» **PROBLEM DETAILS**: Once you find the line containing "inSub_id : forall x, inSub (id1 x);" in the data below, copy it and each following line exactly, up to and including the line containing "(esym (etrans (f_equal (fun", and nothing else.

» **SUPPLIED INFORMATION**:
(* Let $\mathcal C$ be a $(2,1)$-category and let $\mathcal A,\mathcal B$ be arrowy $2$-subcategories of $\mathcal C$ such that for every morphism $f\colon X\to Y$ of $\mathcal C$ there exist a morphism $i\colon X\to Z$ of $\mathcal A$, a morphism $p\colon Z\to Y$ of $\mathcal B$ and a $2$-cell $pi\Rightarrow f$ (i.e. $\mathrm{Comp}_{\mathcal A,\mathcal B}(f)\neq\emptyset$). Then for every $n\ge 0$ and every $n$-simplex $\sigma$ of $\mathcal C$, the set $\mathrm{Comp}_{\mathcal A,\mathcal B}(\sigma)$ is nonempty.
   Context: A $(2,1)$-category is a $2$-category all of whose $2$-cells are invertible; an arrowy $2$-subcategory has all objects and is full on $2$-cells between its morphisms (inclusion on hom-categories fully faithful and injective on objects). $[n]=\{0,\dots,n\}$ with its usual order, viewed as a category. An $n$-simplex of $\mathcal C$ is a strictly unital pseudofunctor $\sigma\colon[n]\to\mathcal C$. Let $\Delta_n=\{(k,l)\in[n]\times[n]\mid k\ge l\}$ with the product partial order, viewed as a category, and let $[n]\to\Delta_n$ be the diagonal embedding $l\mapsto(l,l)$. The set $\mathrm{Comp}_{\mathcal A,\mathcal B}(\sigma)$ of compactifications of $\sigma$ is the set of strictly unital pseudofunctors $F\colon\Delta_n\to\mathcal C$ whose composite with the diagonal embedding equals $\sigma$, such that $F((k,l)\to(k',l))$ is a morphism of $\mathcal A$ and $F((k',l)\to(k',l'))$ is a morphism of $\mathcal B$ for all relevant $k\le k'$, $l\le l'$. For $n=1$ and $\sigma=f$ this amounts to a factorization $X\xrightarrow{i}Z\xrightarrow{p}Y$, $i\in\mathcal A$, $p\in\mathcal B$, with an invertible $2$-cell $pi\Rightarrow f$. *)

From mathcomp Require Import all_boot.

Set Implicit Arguments.
Unset Strict Implicit.
Unset Printing Implicit Defensive.

Definition tr2 (O : Type) (H : O -> O -> Type)
  (C : forall x y, H x y -> H x y -> Type) (x y : O) (f f' g g' : H x y)
  (e1 : f = f') (e2 : g = g') (a : C x y f g) : C x y f' g' :=
  match e2 in _ = g0 return C x y f' g0 with
  | erefl => match e1 in _ = f0 return C x y f0 g with erefl => a end
  end.

(* A strict 2-category, presented via hom-categories, whiskerings and the
   interchange law.  comp1 g f is "g after f". *)
Record TwoCat := {
  Ob : Type;
  Hom : Ob -> Ob -> Type;
  Cell : forall x y, Hom x y -> Hom x y -> Type;
  id1 : forall x, Hom x x;
  comp1 : forall x y z, Hom y z -> Hom x y -> Hom x z;
  comp1_id_l : forall x y (f : Hom x y), comp1 (id1 y) f = f;
  comp1_id_r : forall x y (f : Hom x y), comp1 f (id1 x) = f;
  comp1_assoc : forall w x y z (h : Hom y z) (g : Hom x y) (f : Hom w x),
      comp1 h (comp1 g f) = comp1 (comp1 h g) f;
  id2 : forall x y (f : Hom x y), Cell f f;
  vcomp : forall x y (f g h : Hom x y), Cell g h -> Cell f g -> Cell f h;
  vcomp_assoc : forall x y (f g h k : Hom x y) (c : Cell h k) (b : Cell g h)
      (a : Cell f g), vcomp c (vcomp b a) = vcomp (vcomp c b) a;
  vcomp_id_l : forall x y (f g : Hom x y) (a : Cell f g), vcomp (id2 g) a = a;
  vcomp_id_r : forall x y (f g : Hom x y) (a : Cell f g), vcomp a (id2 f) = a;
  whiskerL : forall x y z (h : Hom y z) (f g : Hom x y),
      Cell f g -> Cell (comp1 h f) (comp1 h g);
  whiskerR : forall x y z (f g : Hom y z) (h : Hom x y),
      Cell f g -> Cell (comp1 f h) (comp1 g h);
  whiskerL_id2 : forall x y z (h : Hom y z) (f : Hom x y),
      whiskerL h (id2 f) = id2 (comp1 h f);
  whiskerR_id2 : forall x y z (f : Hom y z) (h : Hom x y),
      whiskerR h (id2 f) = id2 (comp1 f h);
  whiskerL_vcomp : forall x y z (h : Hom y z) (f g k : Hom x y)
      (b : Cell g k) (a : Cell f g),
      whiskerL h (vcomp b a) = vcomp (whiskerL h b) (whiskerL h a);
  whiskerR_vcomp : forall x y z (f g k : Hom y z) (h : Hom x y)
      (b : Cell g k) (a : Cell f g),
      whiskerR h (vcomp b a) = vcomp (whiskerR h b) (whiskerR h a);
  whiskerL_id1 : forall x y (f g : Hom x y) (a : Cell f g),
      whiskerL (id1 y) a = tr2 (esym (comp1_id_l f)) (esym (comp1_id_l g)) a;
  whiskerR_id1 : forall x y (f g : Hom x y) (a : Cell f g),
      whiskerR (id1 x) a = tr2 (esym (comp1_id_r f)) (esym (comp1_id_r g)) a;
  whiskerL_comp : forall w x y z (k : Hom y z) (h : Hom x y) (f g : Hom w x)
      (a : Cell f g),
      whiskerL k (whiskerL h a)
      = tr2 (esym (comp1_assoc k h f)) (esym (comp1_assoc k h g))
            (whiskerL (comp1 k h) a);
  whiskerR_comp : forall w x y z (f g : Hom y z) (h : Hom x y) (k : Hom w x)
      (a : Cell f g),
      whiskerR k (whiskerR h a)
      = tr2 (comp1_assoc f h k) (comp1_assoc g h k)
            (whiskerR (comp1 h k) a);
  whiskerLR : forall w x y z (k : Hom y z) (f g : Hom x y) (h : Hom w x)
      (a : Cell f g),
      whiskerR h (whiskerL k a)
      = tr2 (comp1_assoc k f h) (comp1_assoc k g h)
            (whiskerL k (whiskerR h a));
  interchange : forall x y z (f f' : Hom x y) (g g' : Hom y z)
      (a : Cell f f') (b : Cell g g'),
      vcomp (whiskerR f' b) (whiskerL g a) = vcomp (whiskerL g' a) (whiskerR f b)
}.

Arguments Hom : clear implicits.
Arguments Ob : clear implicits.
Arguments Cell : clear implicits.
Arguments Cell t {x y}.
Arguments id1 {_} x.
Arguments comp1 {_ x y z}.
Arguments id2 {_ x y}.
Arguments vcomp {_ x y f g h}.
Arguments whiskerL {_ x y z} h {f g}.
Arguments whiskerR {_ x y z f g} h.

Definition is21 (C : TwoCat) : Prop :=
  forall x y (f g : Hom C x y) (a : Cell C f g),
    exists b : Cell C g f, vcomp b a = id2 f /\ vcomp a b = id2 g.

(* An arrowy 2-subcategory: all objects, a class of 1-morphisms containing
   identities and closed under composition, and all 2-cells between them. *)
Record SubCat (C : TwoCat) := {
  inSub : forall x y, Hom C x y -> Prop;
  inSub_id : forall x, inSub (id1 x);
  inSub_comp : forall x y z (g : Hom C y z) (f : Hom C x y),
      inSub g -> inSub f -> inSub (comp1 g f)
}.

(* Strictly unital pseudofunctor from a poset (with boolean order le),
   viewed as a category, to C.  F2 a b c : F(b<=c) F(a<=b) => F(a<=c). *)
Record PsFun (P : Type) (le : P -> P -> bool) (C : TwoCat) := {
  F0 : P -> Ob C;
  F1 : forall a b, le a b -> Hom C (F0 a) (F0 b);
  F2 : forall a b c (hab : le a b) (hbc : le b c) (hac : le a c),
      Cell C (comp1 (F1 hbc) (F1 hab)) (F1 hac);
  F1_id : forall a (h : le a a), F1 h = id1 (F0 a);
  F2_unit_r : forall a b (haa : le a a) (hab : le a b),
      F2 haa hab hab
      = tr2
          (esym (etrans (f_equal (comp1 (F1 hab)) (F1_id haa)) (comp1_id_r (F1 hab))))
          erefl (id2 (F1 hab));
  F2_unit_l : forall a b (hab : le a b) (hbb : le b b),
      F2 hab hbb hab
      = tr2
          (esym (etrans (f_equal (fun u => comp1 u (F1 hab)) (F1_id hbb))
                        (comp1_id_l (F1 hab))))
          erefl (id2 (F1 hab));
  F2_assoc : forall a b c d (hab : le a b) (hbc : le b c) (hcd : le c d)
      (hac : le a c) (hbd : le b d) (had : le a d),
      vcomp (F2 hac hcd had) (whiskerL (F1 hcd) (F2 hab hbc hac))
      = tr2 (esym (comp1_assoc (F1 hcd) (F1 hbc) (F1 hab))) erefl
          (vcomp (F2 hab hbd had) (whiskerR (F1 hab) (F2 hbc hcd hbd)))
}.

Arguments F0 {_ _ _}.
Arguments F1 {_ _ _} p {a b}.
Arguments F2 {_ _ _} p {a b c}.

Definition restrict (Q P : Type) (leQ : Q -> Q -> bool) (leP : P -> P -> bool)
  (C : TwoCat) (d : Q -> P) (mono : forall a b, leQ a b -> leP (d a) (d b))
  (F : PsFun leP C) : PsFun leQ C :=
  {| F0 := fun a => F0 F (d a);
     F1 := fun a b h => F1 F (mono a b h);
     F2 := fun a b c hab hbc hac => F2 F (mono _ _ hab) (mono _ _ hbc) (mono _ _ hac);
     F1_id := fun a h => F1_id F (mono a a h);
     F2_unit_r := fun a b haa hab => F2_unit_r F (mono a a haa) (mono a b hab);
     F2_unit_l := fun a b hab hbb => F2_unit_l F (mono a b hab) (mono b b hbb);
     F2_assoc := fun a b c d hab hbc hcd hac hbd had =>
       F2_assoc F (mono _ _ hab) (mono _ _ hbc) (mono _ _ hcd)
                (mono _ _ hac) (mono _ _ hbd) (mono _ _ had) |}.

Definition leOrd (n : nat) (a b : 'I_n.+1) : bool := (a <= b)%N.

Definition simplex (C : TwoCat) (n : nat) := PsFun (@leOrd n) C.

Definition Delta (n : nat) := {p : 'I_n.+1 * 'I_n.+1 | (p.2 <= p.1)%N}.
Definition leDelta (n : nat) (p q : Delta n) : bool :=
  ((sval p).1 <= (sval q).1)%N && ((sval p).2 <= (sval q).2)%N.

Definition diag (n : nat) (l : 'I_n.+1) : Delta n :=
  exist (fun p : 'I_n.+1 * 'I_n.+1 => (p.2 <= p.1)%N) (l, l) (leqnn l).

Lemma diag_mono (n : nat) (a b : 'I_n.+1) :
  leOrd a b -> leDelta (diag a) (diag b).
Proof. by rewrite /leOrd /leDelta /= => ->. Qed.

Definition IsComp (C : TwoCat) (A B : SubCat C) (n : nat) (s : simplex C n)
  (F : PsFun (@leDelta n) C) : Prop :=
  restrict (@diag_mono n) F = s /\
  (forall (p q : Delta n) (h : leDelta p q),
      (sval p).2 = (sval q).2 -> inSub A (F1 F h)) /\
  (forall (p q : Delta n) (h : leDelta p q),
      (sval p).1 = (sval q).1 -> inSub B (F1 F h)).

Definition CompNonempty (C : TwoCat) (A B : SubCat C) (n : nat)
  (s : simplex C n) : Prop :=
  exists F : PsFun (@leDelta n) C, IsComp A B s F.

From Pilot Require Import Defs.
From mathcomp Require Import all_boot zify.
From Stdlib Require Import ProofIrrelevance FunctionalExtensionality.

(* We build the compactification
   F : Delta_n -> C one point at a time.

   The basic construction is a one-point extension of pseudofunctors: given a
   pseudofunctor F on a preorder T, two elements m <= M with nothing lying
   "above M and below m", and a factorization p i => F(m <= M) through a new
   object Z, F extends to option T, where the new point None sits just above
   m and just below M and is sent to Z.

   The points (k,l) of Delta_n off the diagonal are then added row by row
   (k = 1, ..., n) and, inside row k, for l = k-1 down to 0, always between
   m = (k-1,l) and M = (k,l+1).  An invariant records that the current stage
   is an order-embedded copy of the points added so far, that it restricts to
   sigma on the diagonal, and that its horizontal (resp. vertical) morphisms
   lie in A (resp. B); at the end the stage is all of Delta_n. *)

Set Implicit Arguments.
Unset Strict Implicit.
Unset Printing Implicit Defensive.

Section CellEquality.
Variable C : TwoCat.

Definition cast x y (f g : Hom C x y) (e : f = g) : Cell C f g :=
  match e in _ = g0 return Cell C f g0 with erefl => id2 f end.

Definition ceq x y (f g f' g' : Hom C x y) (a : Cell C f g) (b : Cell C f' g') : Prop :=
  exists (e1 : f = f') (e2 : g = g'), tr2 (C:=@Cell C) e1 e2 a = b.

Lemma ceq_refl x y (f g : Hom C x y) (a : Cell C f g) : ceq a a.
Proof. by exists erefl, erefl. Qed.

Lemma ceq_sym x y (f g f' g' : Hom C x y) (a : Cell C f g) (b : Cell C f' g') :
  ceq a b -> ceq b a.
Proof. by case=> e1 [e2 <-]; destruct e1, e2; exists erefl, erefl. Qed.

Lemma ceq_trans x y (f g f' g' f'' g'' : Hom C x y) (a : Cell C f g)
  (b : Cell C f' g') (c : Cell C f'' g'') : ceq a b -> ceq b c -> ceq a c.
Proof.
by case=> e1 [e2 <-] [e3 [e4 <-]]; destruct e1, e2, e3, e4; exists erefl, erefl.
Qed.

Lemma ceq_eq x y (f g : Hom C x y) (a b : Cell C f g) : ceq a b -> a = b.
Proof.
case=> e1 [e2 <-].
by rewrite (proof_irrelevance _ e1 erefl) (proof_irrelevance _ e2 erefl).
Qed.

Lemma ceq_tr2 x y (f g f' g' : Hom C x y) (e1 : f = f') (e2 : g = g') (a : Cell C f g) :
  ceq (tr2 (C:=@Cell C) e1 e2 a) a.
Proof. by apply: ceq_sym; exists e1, e2. Qed.

Lemma ceq_cast x y (f g : Hom C x y) (e : f = g) : ceq (cast e) (id2 f).
Proof. by destruct e; apply: ceq_refl. Qed.

Lemma ceq_id2 x y (f f' : Hom C x y) : f = f' -> ceq (id2 f) (id2 f').
Proof. by move=> e; destruct e; apply: ceq_refl. Qed.

Lemma ceq_whiskerL x y z (h h' : Hom C y z) (f g f' g' : Hom C x y)
  (a : Cell C f g) (a' : Cell C f' g') :
  h = h' -> ceq a a' -> ceq (whiskerL h a) (whiskerL h' a').
Proof. by move=> e [e1 [e2 <-]]; destruct e, e1, e2; apply: ceq_refl. Qed.

Lemma ceq_whiskerR x y z (h h' : Hom C x y) (f g f' g' : Hom C y z)
  (a : Cell C f g) (a' : Cell C f' g') :
  h = h' -> ceq a a' -> ceq (whiskerR h a) (whiskerR h' a').
Proof. by move=> e [e1 [e2 <-]]; destruct e, e1, e2; apply: ceq_refl. Qed.

Lemma ceq_wL_comp w x y z (k : Hom C y z) (h : Hom C x y) (f g : Hom C w x)
  (a : Cell C f g) : ceq (whiskerL k (whiskerL h a)) (whiskerL (comp1 k h) a).
Proof. rewrite whiskerL_comp; apply: ceq_tr2. Qed.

» **ANSWER TO THIS TASK**:
  inSub_id : forall x, inSub (id1 x);
  inSub_comp : forall x y z (g : Hom C y z) (f : Hom C x y),
      inSub g -> inSub f -> inSub (comp1 g f)
}.

(* Strictly unital pseudofunctor from a poset (with boolean order le),
   viewed as a category, to C.  F2 a b c : F(b<=c) F(a<=b) => F(a<=c). *)
Record PsFun (P : Type) (le : P -> P -> bool) (C : TwoCat) := {
  F0 : P -> Ob C;
  F1 : forall a b, le a b -> Hom C (F0 a) (F0 b);
  F2 : forall a b c (hab : le a b) (hbc : le b c) (hac : le a c),
      Cell C (comp1 (F1 hbc) (F1 hab)) (F1 hac);
  F1_id : forall a (h : le a a), F1 h = id1 (F0 a);
  F2_unit_r : forall a b (haa : le a a) (hab : le a b),
      F2 haa hab hab
      = tr2
          (esym (etrans (f_equal (comp1 (F1 hab)) (F1_id haa)) (comp1_id_r (F1 hab))))
          erefl (id2 (F1 hab));
  F2_unit_l : forall a b (hab : le a b) (hbb : le b b),
      F2 hab hbb hab
      = tr2
          (esym (etrans (f_equal (fun u => comp1 u (F1 hab)) (F1_id hbb))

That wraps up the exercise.